# AC Components on Saturday?



## Gaz VW (Aug 1, 2006)

Anyone going to this show on Saturday? In Portadown/Tandragee direction?

I was down today and got my entry form, might as well enter sayin as its local!


----------



## Ronnie (Nov 15, 2006)

might pop over for a while but am on business that day..


----------



## Fatman (Nov 15, 2006)

Where abouts on the mahon road is it?


----------



## Ronnie (Nov 15, 2006)

Turn in at the Faith Mission camp and up that wee road there is a big sign you can't miss it


----------



## Ruth M (Feb 27, 2006)

ill prob take a spin up with neal, can't be bothered entering tho!


----------



## Jmax (Dec 4, 2005)

i was going to take a run up but id never hear the end of it as the girlfriend is off work for the day


----------



## Ronnie (Nov 15, 2006)

plus I think Im a bit to old to be entering shows now!:wall: :wall: :detailer:


----------



## Ruth M (Feb 27, 2006)

what time does this start tomorrow?


----------



## Moddie (May 27, 2006)

11 i think!!


----------



## Ronnie (Nov 15, 2006)

it says 10-4 on the flyers and road signs..


----------



## Gaz VW (Aug 1, 2006)

Good day was had - weather was superb! Good to meet a few new people off here too.

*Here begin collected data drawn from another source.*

(* Extending sigma to the left by sigma(0) turns F into a primitive of a positive
   continuous function on (-oo, u_* ), linear on (-oo, 0] and unbounded near u_*,
   hence an increasing homeomorphism onto R; so F^{-1}, and with it a, is continuous.
   Since (ln sigma + mu F)' = (sigma' + mu) / sigma >= 0, the function ln a(v) + mu v
   is nondecreasing while ln a is nonincreasing, whence |ln a(v+y) - ln a(v)| <= mu |y|.
   Finally s^(p-2) / a(s) is nondecreasing, so the integral up to v is at most
   v^(p-1) / a(v) and the expression in the limit is squeezed between 0 and 1/v. *)

From Stdlib Require Import Reals ClassicalEpsilon Lra Ranalysis5.
From Coquelicot Require Import Coquelicot.
Open Scope R_scope.

Lemma continuous_eps_delta (f : R -> R) x :
  (forall eps, 0 < eps -> exists delta, 0 < delta /\
     forall y, Rabs (y - x) < delta -> Rabs (f y - f x) < eps) ->
  continuous f x.
Proof.
  intros H. apply continuity_pt_filterlim. intros eps Heps.
  destruct (H eps Heps) as [delta [Hdelta Hy]].
  exists delta. split; [exact Hdelta|]. intros y [_ Hyx]. exact (Hy y Hyx).
Qed.

Lemma exp_le_compat x y : x <= y -> exp x <= exp y.
Proof. intros [H|<-]; [left; apply exp_increasing, H | right; reflexivity]. Qed.

Lemma Rabs_Rmax0_sub x y : Rabs (Rmax 0 y - Rmax 0 x) <= Rabs (y - x).
Proof.
  unfold Rmax; destruct (Rle_dec 0 y), (Rle_dec 0 x);
    unfold Rabs; repeat destruct Rcase_abs; lra.
Qed.

Lemma cont_nonneg_of_deriv f f' x :
  has_deriv_nonneg f f' x -> cont_nonneg f x.
Proof.
  intros Hd eps Heps.
  destruct (Hd 1 Rlt_0_1) as [d [Hd0 Hlin]].
  set (K := Rabs (f' x) + 1).
  assert (HK : 0 < K) by (unfold K; pose proof (Rabs_pos (f' x)); lra).
  exists (Rmin d (eps / K)). split; [apply Rmin_pos; [lra | apply Rdiv_lt_0_compat; lra]|].
  intros y Hy Hyx.
  assert (Hlip : Rabs (f y - f x) <= K * Rabs (y - x)).
  { specialize (Hlin y Hy (Rlt_le_trans _ _ _ Hyx (Rmin_l _ _))).
    replace (f y - f x) with ((f y - f x - f' x * (y - x)) + f' x * (y - x)) by ring.
    eapply Rle_trans; [apply Rabs_triang|]. rewrite Rabs_mult. unfold K. lra. }
  apply (Rle_lt_trans _ _ _ Hlip).
  apply (Rmult_lt_compat_l K) in Hyx; [|exact HK].
  apply (Rlt_le_trans _ _ _ Hyx).
  apply (Rle_trans _ (K * (eps / K))); [apply Rmult_le_compat_l; [lra | apply Rmin_r]|].
  right. field. lra.
Qed.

Ronnie I want your dildo - sorry - dodo juice


----------



## Ronnie (Nov 15, 2006)

Gaz VW said:


> Good day was had - weather was superb! Good to meet a few new people off here too.
> 
> Ronnie I want your dildo - sorry - dodo juice


:thumb: :thumb: No probs just make sure you clean it before you give it back!!!!

How did you get on in the show and shine... After all we were converted by the Gods that are Auto Glum!! oops Glym ... We have been shown how to polish a motor proper like!:detailer: :detailer: one sponge first start with the wheels then from the sills work up an use an old wiper blade to remove excess water!!!


----------



## Fatman (Nov 15, 2006)

Didnt make it over... some **** hit my dog with the car. GGGRRR


----------



## Moddie (May 27, 2006)

it wasnt a bad day, good to meet new people!!

That autoglym aquawax is great!!! u can polish a car with a carnauba wax! apparantly. The red seat ibiza got 3rd, black astra coupe got 2nd, and the red mini got 1st


----------



## Ronnie (Nov 15, 2006)

gerrr not good mind u the coupe and mini were pretty nice.. yea going to halfords now to invest in an old wiper blade like the man said apparently they work better than new ones especially if they are lying on the floor and covered in grit!!! :lol:


----------



## angusdope (Nov 5, 2006)

Ah the Autoglym "How to swirl your paint to bits" demo!


----------



## Ruth M (Feb 27, 2006)

The banter was good lol. Glad i didnt enter mind


----------